Maybe because God is evoked so early in the Steps and spelled with a capital "G," any debate intended to argue that God is meant to be a "spiritual" rather than a theological concept seems to be automatically based on a religious foundation. This can be a hard sell of the Program to the newcomer and the AA-seasoned veteran who is either agnostic or atheist. Even to those who have a religious-based belief in God, surrendering to Him provokes a counter-argument that He abandoned us when we needed Him most, that He would have rescued us from the depth to which we sank as alcoholics and from the outcome of our drinking. After all, where was God when we got fired for drinking on the job or showing up hung over, if we showed up at all? Where was God when our spouses and families gave up on us, and where was He when a judge who'd had enough of us showing up in his courtroom threw the maximum sentence at us?

There is an argument that some AA long-timers who try to "convince" the Doubting Thomas that belief in a Higher Power is an absolute in recovery come close, as they say, to "rewriting the program" instead of simply "sharing" their "experience, strength and hope." That said, in my own experience, I always had a belief in God but as a religious entity. Accordingly, my first "surrender" to Him early in my recovery was from a religious perspective. It didn't work.

Instead, I came to understand that my relationship to my Higher Power, whom I chose to call God, had to be rooted in something other than religion. Our relationship - mine and God's - evolved to my understanding that He gave me, just as He did to all other people, certain "gifts" that He expected me to use in my recovery. Not that God would not be there for me when I called on Him, but He expected me to assume responsibility for both my alcoholism and my recovery by putting those gifts into action.

If I were asked today how to name or identify my Higher Power, it might be the use of the common sense or logic that God gave everyone or with which we were simply born.
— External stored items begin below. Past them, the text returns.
Lemma spread_extend (S : {set VT}) (g : VT -> VG) : spread S g -> #|S| < #|Bd| ->
  3 * #|S| + 3 * k + 20 * k * D < #|[set t | deg eT t <= 2]| ->
  exists s, exists x, s \notin S /\ spread (s |: S) (fun t => if t == s then x else g t).
Proof.
move=> Sg ltSBd room; case: (Sg) => g_inj g_Bd S_deg S_indep S_disj S_load.
have [x xBd xS] : exists2 x, x \in Bd & x \notin g @: S.
  by apply: notin_of_card_lt; rewrite card_in_imset.
have [s [s_deg sS sI' s_far s_light]] := exists_spread_candidate Sg room.
exists s, x; split => //; split.
- move=> t1 t2 /setU1P[->|t1S] /setU1P[->|t2S] //=; rewrite ?eqxx.
  + by case: eqP => [->//|_ xg]; rewrite xg imset_f in xS.
  + by case: eqP => [->//|_ xg]; rewrite -xg imset_f in xS.
  + case: eqP => [t1s|_]; first by rewrite -t1s t1S in sS.
    case: eqP => [t2s|_]; first by rewrite -t2s t2S in sS.
    exact: g_inj.
- by move=> t /setU1P[->|tS]; rewrite ?eqxx //; case: eqP => _; [exact: xBd|exact: g_Bd].
- by move=> t /setU1P[->|tS]; [exact: s_deg | exact: S_deg].
- move=> t /setU1P[->|tS] a; rewrite -setUA => /setU1P[->|aX].
  + by rewrite eT_irr.
  + exact: s_far.
  + by rewrite eT_sym s_far // inE tS.
  + exact: S_indep.
- by move=> t /setU1P[->|tS]; [exact: sI' | exact: S_disj].
move=> a; rewrite load_setU1 //; case: ifP => [eas|_]; last exact: S_load.
by have := s_light a eas; have := Bd_deg xBd; lia.
Qed.

Lemma spread0 (g : VT -> VG) : spread set0 g.
Proof.
split=> [t1 t2|t|t|t|t|a]; rewrite ?inE //.
by rewrite /load big_mkcond big1 // => t _; rewrite inE.
Qed.

Lemma exists_spread (x0 : VG) j : j <= #|Bd| ->
  (0 < j -> 3 * j + 3 * k + 20 * k * D <= #|[set t | deg eT t <= 2]|) ->
  exists S : {set VT}, exists g : VT -> VG, #|S| = j /\ spread S g.
Proof.
elim: j => [_ _|j IH ltjBd room].
  by exists set0, (fun=> x0); split; [exact: cards0 | exact: spread0].
have [S [g [jS Sg]]] : exists S : {set VT}, exists g : VT -> VG, #|S| = j /\ spread S g.
  by apply: IH => [|_]; [exact: ltnW | have := room isT; lia].
rewrite -jS in ltjBd room.
have [|s [x [sS Sg']]] := spread_extend Sg ltjBd (leq_trans _ (room isT)); first lia.
by exists (s |: S), (fun t => if t == s then x else g t); rewrite cardsU1 sS jS.
Qed.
And this was my own "spiritual awakening" that the program promises, when I understood that I did to myself what I blamed God or alcohol for, and when I accepted - however reluctantly or unwillingly - that I was responsible to the consequences of my destructive behavior as a drinking alcoholic. In short, I understood what being responsible for my own recovery meant and that my Higher Power, if nothing more than my common sense or logic, would help me through that recovery.

While the message of AA program itself has always remained constant for me, my own recovery program that integrates AA's multiple concepts has changes. Which as it should be because life is an ever-changing process; what works for me now didn't work three years ago and, my Higher Power granting, what works for me now will not work three years from now because I hope I will "grow" in the next three years. But today, my program that the logic as my guide is summarized in three concepts - choice, consequences, responsibility. That is, if I drink, I choose to drink and not because my life isn't what I want it to be; when I make the choice to drink, that choice, like all others in life, will have consequences; and with consequences comes personal responsibility to the consequences. If I don't want to be responsible to consequences of my choices because my experience has been that the consequences are too costly, the choice is simple: don't drink.

Whether we call our Higher Power "God" or our own logical and common sense, we can reach that "spiritual awakening" the program promises. For me, that spiritual awakening is understanding that I do have the choice not to drink.